Below we briefly describe the SQP-GS algorithm. **For more details on the algorithm, we refer to the paper [1].** The iteration cost of the algorithm splits mainly into two steps:

1) Sample function value and gradient/Jacobian of each nonsmooth function at multiple points in a neighborhood of the current iterate.

2) SQP approximates the original problem in each iteration by a quadratic program (QP). We need to solve this QP to compute the update direction.

The technique in 1) is called Gradient Sampling (GS) and is a widely used, robust technique for handling nonsmooth objective or constraint functions.
As all functions are Pytorch modules in this package, step 1) amounts to batch evaluation and Jacobian computation. This can be done efficiently using the `autograd` functionalities of Pytorch.

For 2), we solve the QP with the package `osqp`. We also implement a general interface to `cvxpy`, which seems slightly slower due to overhead costs, but more flexible as the solver can be exchanged easily.
Further, the quadratic approximation of SQP naturally involves an approximation of the Hessian, which is done in L-BFGS style.



### Options

SQP-GS has many hyperparameters, for all of which we use the default values from the paper [1] and the Matlab code [2]. The values can be controlled via the argument `options`, which can be a dictionary with all values that need to be overwritten. See the default values [here](defaults.py).

One important hyperparameter is the number of sample points, see the next section for details.

The starting point can be specified with the argument `x0`, and we use the zero vector if not specified.

### Gradient Sampling with `autograd`

For the objective and each constraint function, in every iteration, a number of points is sampled in a neighborhood to the currrent iterate. The function is then evaluated at those points, plus at the iterate itself, and the Jacobian of the function is computed at all points.
This is done with the Pytorch `autograd` functionalities `jacrev` and `vmap`. See the function [`compute_value_and_jacobian`](main.py#L435).

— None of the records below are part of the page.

(* Let $\mathcal{T}$ be a conforming simplicial mesh in $\mathbb{R}^d$ with nodes $\{\mathbf{x}_i\}$ and adjacency matrix $\mathbf{A}$ ($\mathbf{A}_{i,j}=1$ iff nodes $i\neq j$ are joined by an edge of some cell, and $0$ otherwise). For a point $\mathbf{x}$ in a cell $T$ with vertex set $\mathcal{N}^0(T)$, define for each node $i$ $$\eta_i(\mathbf{x})=\sum_{n\in\mathcal{N}^0(T)} B_n(\mathbf{x})\,\mathbf{A}_{i,n},$$ where $B_n(\mathbf{x})$ is the barycentric coordinate of $\mathbf{x}$ with respect to vertex $n$ of $T$. Let $T_o$ and $T_n$ be two cells sharing a facet $F$, let $\mathcal{N}^1_o,\mathcal{N}^1_n$ be their 1-ring neighbour sets, $\mathcal{N}^1_r=\mathcal{N}^1_o\setminus\mathcal{N}^1_n$ and $\mathcal{N}^1_a=\mathcal{N}^1_n\setminus\mathcal{N}^1_o$. Then $\eta$ is locally diminishing on added/removed nodes: for a point crossing $F$ from $\mathbf{x}^o\in T_o$ to $\mathbf{x}^n\in T_n$ with $\|\mathbf{x}^n-\mathbf{x}^o\|=\mathcal{O}(\epsilon)$, one has $\eta_i(\mathbf{x}^o)=\mathcal{O}(\epsilon)$ for every $i\in\mathcal{N}^1_r$ (computed in $T_o$) and $\eta_i(\mathbf{x}^n)=\mathcal{O}(\epsilon)$ for every $i\in\mathcal{N}^1_a$ (computed in $T_n$).
   Context: The 1-ring neighbour set $\mathcal{N}^1$ of a cell consists of all mesh nodes that are vertices of the cell or are joined by a mesh edge to a vertex of the cell. Barycentric coordinates of $\mathbf{x}$ in a simplex with vertices $\mathbf{x}_{n_1},\dots,\mathbf{x}_{n_{d+1}}$ are the unique numbers $B_{n_k}(\mathbf{x})$ with $\sum_k B_{n_k}=1$ and $\sum_k B_{n_k}\mathbf{x}_{n_k}=\mathbf{x}$. The constants in $\mathcal{O}(\epsilon)$ depend only on the mesh (e.g. on the distances of the vertices of $T_o,T_n$ opposite $F$ to the facet $F$). *)

From HB Require Import structures.
From mathcomp Require Import all_boot all_order all_algebra.
From mathcomp Require Import reals.
Set Implicit Arguments. Unset Strict Implicit. Unset Printing Implicit Defensive.
Import Order.TTheory GRing.Theory Num.Theory.
Local Open Scope ring_scope.

Section Mesh.
Variables (R : realType) (d : nat) (I : finType) (p : I -> 'rV[R]_d).

Definition enorm (v : 'rV[R]_d) : R := Num.sqrt (\sum_(k < d) v 0 k ^+ 2).

Definition is_bary (S : {set I}) (x : 'rV[R]_d) (B : I -> R) : Prop :=
  \sum_(n in S) B n = 1 /\ \sum_(n in S) B n *: p n = x.

Definition in_hull (S : {set I}) (x : 'rV[R]_d) : Prop :=
  exists B : I -> R, is_bary S x B /\ (forall n, n \in S -> 0 <= B n).

Definition aff_indep (S : {set I}) : Prop :=
  forall w : I -> R, \sum_(n in S) w n = 0 -> \sum_(n in S) w n *: p n = 0 ->
    forall n, n \in S -> w n = 0.

Definition conforming_simplicial_mesh (cells : {set {set I}}) : Prop :=
  (forall T, T \in cells -> #|T| = d.+1 /\ aff_indep T) /\
  (forall T T', T \in cells -> T' \in cells -> forall x,
      in_hull T x -> in_hull T' x -> in_hull (T :&: T') x).

End Mesh.

Section Graph.
Variables (I : finType) (cells : {set {set I}}).

Definition adj (i j : I) : bool :=
  (i != j) && [exists T in cells, (i \in T) && (j \in T)].

Definition adjmx (R : pzRingType) (i j : I) : R := (adj i j)%:R.

Definition ring1 (T : {set I}) : {set I} :=
  [set i | (i \in T) || [exists n in T, adj i n]].

(* eta_i(x) = sum_{n in N^0(T)} B_n(x) A_{i,n}, B the barycentric coords of x in T *)
Definition eta_mesh (R : pzRingType) (T : {set I}) (B : I -> R) (i : I) : R :=
  \sum_(n in T) B n * adjmx R i n.

End Graph.

From HB Require Import structures.
From mathcomp Require Import all_boot all_order all_algebra.
From mathcomp Require Import reals.
From mathcomp Require Import lra.
Set Implicit Arguments. Unset Strict Implicit. Unset Printing Implicit Defensive.
Import Order.TTheory GRing.Theory Num.Theory.
Local Open Scope ring_scope.

(* Let a be the vertex of To off the common facet F, and b the vertex of Tn
   off F.  A node that leaves the 1-ring is adjacent to no vertex of Tn, so
   eta_i(xo) is at most the barycentric coordinate Bo(a).  That coordinate is
   the restriction to To of an affine function f vanishing on F.  Conformity
   forces f(p b) <= 0: otherwise points of Tn close to F would lie in To
   without lying in F.  Hence f <= 0 on Tn and
   Bo(a) = f(xo) <= f(xo) - f(xn) <= Lip(f) |xn - xo|.
   Added nodes are handled symmetrically. *)

Section AffineForm.
Variables (R : realType) (d : nat).

Definition affine_form (z : 'cV[R]_d) (c : R) (x : 'rV[R]_d) : R := (x *m z) 0 0 + c.

Lemma enormN (v : 'rV[R]_d) : enorm (- v) = enorm v.
Proof. by rewrite /enorm; congr Num.sqrt; apply: eq_bigr => k _; rewrite mxE sqrrN. Qed.

Lemma norm_mulmx_le_enorm (z : 'cV[R]_d) (v : 'rV[R]_d) :
  `|(v *m z) 0 0| <= (\sum_k `|z k 0|) * enorm v.
Proof.
rewrite mxE mulr_suml; apply: le_trans (ler_norm_sum _ _ _) _.
apply: ler_sum => k _; rewrite normrM mulrC ler_wpM2l //.
rewrite /enorm -sqrtr_sqr ler_wsqrtr // (bigD1 k) //= lerDl.
by apply: sumr_ge0 => *; apply: sqr_ge0.
Qed.

Lemma affine_form_lipschitz z c (x y : 'rV[R]_d) :
  `|affine_form z c y - affine_form z c x| <= (\sum_k `|z k 0|) * enorm (y - x).
Proof.
have -> : affine_form z c y - affine_form z c x = ((y - x) *m z) 0 0.
  by rewrite /affine_form mulmxBl !mxE; lra.
exact: norm_mulmx_le_enorm.
Qed.

Lemma affine_form_bary (I : finType) (p : I -> 'rV[R]_d) z c S x B :
  is_bary p S x B -> affine_form z c x = \sum_(n in S) B n * affine_form z c (p n).
Proof.
case=> B1 <-; rewrite /affine_form mulmx_suml summxE.
under eq_bigr do rewrite -scalemxAl mxE.
under [in RHS]eq_bigr do rewrite mulrDr.
by rewrite big_split /= -big_distrl /= B1 mul1r.
Qed.

End AffineForm.

Section VertexMatrix.
Variables (R : realType) (d : nat) (I : finType) (p : I -> 'rV[R]_d) (S : {set I}).

Definition vertex_mx : 'M[R]_(#|S|, d + 1) :=
  \matrix_(i < #|S|) row_mx (p (enum_val i)) (1%:M : 'M[R]_1).

Lemma mul_vertex_mx x0 (Sx0 : x0 \in S) (v : 'rV[R]_#|S|) :
  let w n := v 0 (enum_rank_in Sx0 n) in
  v *m vertex_mx = row_mx (\sum_(n in S) w n *: p n) (\sum_(n in S) w n)%:M.
Proof.
rewrite /= mulmx_sum_row !(big_enum_val (A := mem S)) /=.
under eq_bigr do rewrite rowK.
under [X in row_mx X _]eq_bigr do rewrite enum_valK_in.
under [X in row_mx _ X%:M]eq_bigr do rewrite enum_valK_in.
apply: (big_rec3 (fun a b c => a = row_mx b c%:M)); first by rewrite raddf0 row_mx0.
by move=> i y1 y2 y3 _ ->; rewrite scale_row_mx add_row_mx scalemx1 raddfD.
Qed.

Hypothesis S_indep : aff_indep p S.

Lemma vertex_mx_free : row_free vertex_mx.
Proof.
apply: inj_row_free => v vM0; apply/rowP => j; have Sx := enum_valP j.
move: vM0; rewrite (mul_vertex_mx Sx) => /eqP.
rewrite row_mx_eq0 => /andP[/eqP wp0 /eqP w0].
have {}w0 := congr1 (fun A : 'M[R]_1 => A 0 0) w0; rewrite /= !mxE mulr1n in w0.
rewrite mxE -[in LHS](enum_valK_in Sx j).
exact: S_indep w0 wp0 _ Sx.
Qed.

Lemma exists_vertex_form a : a \in S -> exists (z : 'cV[R]_d) (c : R),
  forall n, n \in S -> affine_form z c (p n) = (n == a)%:R.
Proof.
move=> Sa; have /row_freeP [B BK] := vertex_mx_free; set h := enum_rank_in Sa.
pose z := B *m delta_mx (h a) (0 : 'I_1).
exists (usubmx z), (dsubmx z 0 0) => n Sn.
have <- : (row (h n) vertex_mx *m z) 0 0 = (n == a)%:R.
  rewrite /z mulmxA -row_mul BK -row_mul mul1mx !mxE andbT.
  by rewrite (inj_in_eq (@enum_rank_in_inj _ _ _ _ Sa Sa)).
have -> : row (h n) vertex_mx *m z = p n *m usubmx z + dsubmx z.
  by rewrite rowK enum_rankK_in // -{1}[z]vsubmxK mul_row_col mul1mx.
by rewrite [in RHS]mxE.
Qed.

Hypothesis S_card : #|S| = d.+1.

Lemma exists_bary x : exists B, is_bary p S x B.
Proof.
have /card_gt0P[x0 Sx0] : (0 < #|S|)%N by rewrite S_card.
have /row_fullP [B BK] : row_full vertex_mx.
  by move: vertex_mx_free; rewrite /row_free /row_full => /eqP ->; rewrite S_card addn1.
pose u := row_mx x (1%:M : 'M[R]_1) *m B.
have : u *m vertex_mx = row_mx x 1%:M by rewrite -mulmxA BK mulmx1.
rewrite (mul_vertex_mx Sx0) => /eq_row_mx[Bp B1].
exists (fun n => u 0 (enum_rank_in Sx0 n)); split => //.
by have := congr1 (fun A : 'M[R]_1 => A 0 0) B1; rewrite !mxE /= !mulr1n.
Qed.

End VertexMatrix.

Section CommonPoint.
Variables (R : realType) (d : nat) (I : finType) (p : I -> 'rV[R]_d).
Variables (F : {set I}) (a b : I).
Hypotheses (aF : a \notin F) (bF : b \notin F).

Lemma exists_common_point mu : is_bary p (a |: F) (p b) mu -> 0 <= mu a ->
  exists x B, [/\ is_bary p (b |: F) x B, 0 < B b,
    (forall n, n \in b |: F -> 0 <= B n) & in_hull p (a |: F) x].
Proof.
case; rewrite !big_setU1 //= => mu1 mup mua.
have Fa n : n \in F -> (n == a) = false by move/(memPn aF)/negbTE.
have Fb n : n \in F -> (n == b) = false by move/(memPn bF)/negbTE.
pose K := \sum_(n in F) `|mu n|.
have muK n : n \in F -> - mu n <= K.
  move=> Fn; have /ler_normlP[] // : `|mu n| <= K.
  by rewrite /K (bigD1 n) //= lerDl; apply: sumr_ge0.
have K0 : 0 <= K by apply: sumr_ge0.
(* The point is t p_b + s (sum of the p_n, n in F) with t + #|F| s = 1; its
   coordinates s + t mu n in a |: F stay nonnegative as long as s >= t K. *)
pose t := (1 + K * #|F|%:R)^-1; pose s := K * t.
have D0 : 0 < 1 + K * #|F|%:R by rewrite ltr_wpDr ?mulr_ge0.
have t0 : 0 < t by rewrite invr_gt0.
have s0 : 0 <= s := mulr_ge0 K0 (ltW t0).
have ts1 : t + s *+ #|F| = 1.
  by rewrite /s -mulr_natr mulrAC -[X in X + _]mul1r -mulrDl mulfV ?gt_eqF.
exists (t *: p b + \sum_(n in F) s *: p n), (fun n => if n == b then t else s).
split; [|by rewrite eqxx|by move=> n _; case: (n == b) => //; apply: ltW|].
  split; rewrite big_setU1 //= eqxx.
    by rewrite (eq_bigr (fun _ => s)) ?sumr_const // => n Fn; rewrite Fb.
  by congr (_ + _); apply: eq_bigr => n Fn; rewrite Fb.
exists (fun n => if n == a then t * mu a else s + t * mu n); split; last first.
  move=> n /setU1P[->|Fn]; first by rewrite eqxx mulr_ge0 ?(ltW t0).
  rewrite Fa // /s mulrC -mulrDr mulr_ge0 ?(ltW t0) //.
  by have := muK n Fn; lra.
split; rewrite big_setU1 //= eqxx.
  rewrite (eq_bigr (fun n => s + t * mu n)) => [|n Fn]; last by rewrite Fa.
  by rewrite big_split /= sumr_const -big_distrr /= -ts1 addrCA -mulrDr mu1 mulr1 addrC.
under eq_bigr => n Fn do rewrite Fa // scalerDl -[(t * _) *: _]scalerA.
rewrite big_split /= -[X in _ + (_ + X)]scaler_sumr addrCA.
by rewrite -[(t * mu a) *: _]scalerA -scalerDr mup addrC.
Qed.

End CommonPoint.

Section Facet.
Variables (R : realType) (d : nat) (I : finType) (p : I -> 'rV[R]_d).
Variables (cells : {set {set I}}) (F : {set I}) (a b : I).
Hypotheses (mesh : conforming_simplicial_mesh p cells)
  (To_cell : a |: F \in cells) (Tn_cell : b |: F \in cells)
  (aF : a \notin F) (bF : b \notin F) (ab : a != b).

Section VertexForm.
Variables (z : 'cV[R]_d) (c : R).
Hypothesis form_vertex :
  forall n, n \in a |: F -> affine_form z c (p n) = (n == a)%:R.

Local Notation f := (affine_form z c).

Lemma vertex_form_facet n : n \in F -> f (p n) = 0.
Proof. by move=> Fn; rewrite form_vertex ?setU1r // (negbTE (memPn aF n Fn)). Qed.

Lemma vertex_form_bary x B : is_bary p (a |: F) x B -> f x = B a.
Proof.
move=> xB; rewrite (affine_form_bary _ _ xB) big_setU1 //= big1 ?addr0.
  by rewrite form_vertex ?setU11 // eqxx mulr1.
by move=> n Fn; rewrite vertex_form_facet ?mulr0.
Qed.

Lemma vertex_form_opposite x B : is_bary p (b |: F) x B -> f x = B b * f (p b).
Proof.
move=> xB; rewrite (affine_form_bary _ _ xB) big_setU1 //= big1 ?addr0 //.
by move=> n Fn; rewrite vertex_form_facet ?mulr0.
Qed.

Lemma vertex_form_opposite_le0 : f (p b) <= 0.
Proof.
rewrite leNgt; apply/negP => fb_gt0.
have [cardo indo] := mesh.1 _ To_cell.
have [mu mub] := exists_bary indo cardo (p b).
have mua : 0 <= mu a by rewrite -(vertex_form_bary mub) ltW.
have [x [B [xB Bb_gt0 B_ge0 x_o]]] := exists_common_point aF bF mub mua.
have x_n : in_hull p (b |: F) x by exists B.
have [g [xg _]] := mesh.2 _ _ To_cell Tn_cell x x_o x_n.
have FE : (a |: F) :&: (b |: F) = F.
  rewrite -setUIl; apply/setUidPr/subsetP => n; rewrite !inE => /andP[/eqP-> /eqP ba].
  by move: ab; rewrite ba eqxx.
rewrite FE in xg.
have := vertex_form_opposite xB.
rewrite (affine_form_bary _ _ xg) big1 => [/esym/eqP|n Fn]; last first.
  by rewrite vertex_form_facet ?mulr0.
by rewrite mulf_eq0 !gt_eqF.
Qed.

Lemma vertex_form_le0 x B : is_bary p (b |: F) x B ->
  (forall n, n \in b |: F -> 0 <= B n) -> f x <= 0.
Proof.
move=> xB B_ge0; rewrite (vertex_form_opposite xB).
by rewrite mulr_ge0_le0 ?B_ge0 ?setU11 ?vertex_form_opposite_le0.
Qed.

End VertexForm.

Lemma bary_removed_vertex_le : exists L : R, 0 <= L /\
  forall xo xn Bo Bn, is_bary p (a |: F) xo Bo -> is_bary p (b |: F) xn Bn ->
    (forall n, n \in b |: F -> 0 <= Bn n) -> Bo a <= L * enorm (xn - xo).
Proof.
have [_ indo] := mesh.1 _ To_cell.
have [z [c form_vertex]] := exists_vertex_form indo (setU11 a F).
exists (\sum_k `|z k 0|); split=> [|xo xn Bo Bn xoB xnB Bn_ge0].
  by apply: sumr_ge0.
rewrite -(vertex_form_bary form_vertex xoB).
have := vertex_form_le0 form_vertex xnB Bn_ge0.
have /ler_normlP[] := affine_form_lipschitz z c xo xn.
lra.
Qed.

End Facet.

Lemma cells_common_facet (I : finType) (k : nat) (T T' : {set I}) :
  #|T| = k.+1 -> #|T'| = k.+1 -> #|T :&: T'| = k ->
  exists F a b, [/\ T = a |: F, T' = b |: F, a \notin F, b \notin F & a != b].
Proof.
have setD_single (X Y : {set I}) :
    #|X| = k.+1 -> #|X :&: Y| = k -> exists a, X :\: Y = [set a].
  move=> cX cXY; apply/cards1P.
  by rewrite -(eqn_add2l k) addn1 -cX -cXY cardsID.
move=> cT cT' cTT'.
have [a Ea] := setD_single T T' cT cTT'.
have [|b Eb] := setD_single T' T cT'; first by rewrite setIC.
have : a \in T :\: T' by rewrite Ea set11.
have : b \in T' :\: T by rewrite Eb set11.
rewrite !inE => /andP[bT bT'] /andP[aT' aT].
exists (T :&: T'), a, b; split.
- by rewrite -Ea setUC setID.
- by rewrite setIC -Eb setUC setID.
- by rewrite inE (negbTE aT') andbF.
- by rewrite inE (negbTE bT).
- by apply: contraNneq bT => <-.
Qed.

Lemma norm_eta_mesh_le (R : realType) (I : finType) (cells : {set {set I}})
    (F : {set I}) (a b i : I) (B : I -> R) :
  a \notin F -> 0 <= B a -> i \notin ring1 cells (b |: F) ->
  `|eta_mesh cells (a |: F) B i| <= B a.
Proof.
move=> aF Ba_ge0; rewrite inE negb_or => /andP[_ /existsPn i_nadj].
rewrite /eta_mesh big_setU1 //= big1 ?addr0 => [|n Fn].
  by rewrite /adjmx; case: adj; rewrite ?mulr1 ?mulr0 ?normr0 ?ger0_norm.
by have := i_nadj n; rewrite setU1r //= /adjmx => /negbTE ->; rewrite mulr0.
Qed.

Theorem mainTheorem2 (R : realType) (d : nat) (I : finType)
    (p : I -> 'rV[R]_d) (cells : {set {set I}})
    (Hmesh : conforming_simplicial_mesh p cells)
    (To Tn : {set I}) (HTo : To \in cells) (HTn : Tn \in cells)
    (Hneq : To != Tn) (Hfacet : #|To :&: Tn| = d) :
  exists C : R, 0 <= C /\
    forall (xo xn : 'rV[R]_d) (Bo Bn : I -> R),
      is_bary p To xo Bo -> (forall n, n \in To -> 0 <= Bo n) ->
      is_bary p Tn xn Bn -> (forall n, n \in Tn -> 0 <= Bn n) ->
      (forall i, i \in ring1 cells To :\: ring1 cells Tn ->
         `|eta_mesh (R:=R) cells To Bo i| <= C * enorm (xn - xo)) /\
      (forall i, i \in ring1 cells Tn :\: ring1 cells To ->
         `|eta_mesh (R:=R) cells Tn Bn i| <= C * enorm (xn - xo)).
Proof.
have [[cardo _] [cardn _]] := (Hmesh.1 _ HTo, Hmesh.1 _ HTn).
have [F [a [b [Eo En aF bF ab]]]] := cells_common_facet cardo cardn Hfacet.
subst To Tn.
have [Lo [Lo_ge0 Ho]] := bary_removed_vertex_le Hmesh HTo HTn aF bF ab.
have [|Ln [Ln_ge0 Hn]] := bary_removed_vertex_le Hmesh HTn HTo bF aF.
  by rewrite eq_sym.
exists (Lo + Ln); split=> [|xo xn Bo Bn xoB Bo_ge0 xnB Bn_ge0].
  exact: addr_ge0.
have e_ge0 : 0 <= enorm (xn - xo) := sqrtr_ge0 _.
have Loe := mulr_ge0 Lo_ge0 e_ge0; have Lne := mulr_ge0 Ln_ge0 e_ge0.
have := Ho _ _ _ _ xoB xnB Bn_ge0; have := Hn _ _ _ _ xnB xoB Bo_ge0.
rewrite -opprB enormN mulrDl => bn_le bo_le.
split=> i /setDP[_ i_out].
- have := norm_eta_mesh_le aF (Bo_ge0 _ (setU11 _ _)) i_out; lra.
- have := norm_eta_mesh_le bF (Bn_ge0 _ (setU11 _ _)) i_out; lra.
Qed.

* If a function is differentiable, setting `is_differentiable=True` when calling `ObjectiveOrConstraint` will have the effect that for this function only the current iterate itself is evaluated.
* The authors of [1] suggest to set the number of sample points to roughly 2 times the (effective!) input dimension of each function. See end of section 4 in [1]. As this is hard to implement by default, we recommend to set the number of points manually. This can be done by adjusting (before calling `problem.solve()`) the values `problem.p0` (number of points for objective), `problem.pI_` (number of points for each inequality constraint) and `problem.pE_` (number of points for each equality constraint).

### Solving the QP

Solving the QP will likely amount to most of the runtime per iteration. There are two options for solving the QP:

1. (Default): Use the `osqp` solver [4]. This calls directly the `osqp` solver after constructing the subproblem. See the [implementation](osqp_subproblem.py).
2. Use `cvxpy` [3]. This creates the subproblem with `cvxpy` and then solves the QP with the specified solver. This options has some overhead costs, but it allows to exchange the solver flexibly. See the [implementation](cvxpy_subproblem.py).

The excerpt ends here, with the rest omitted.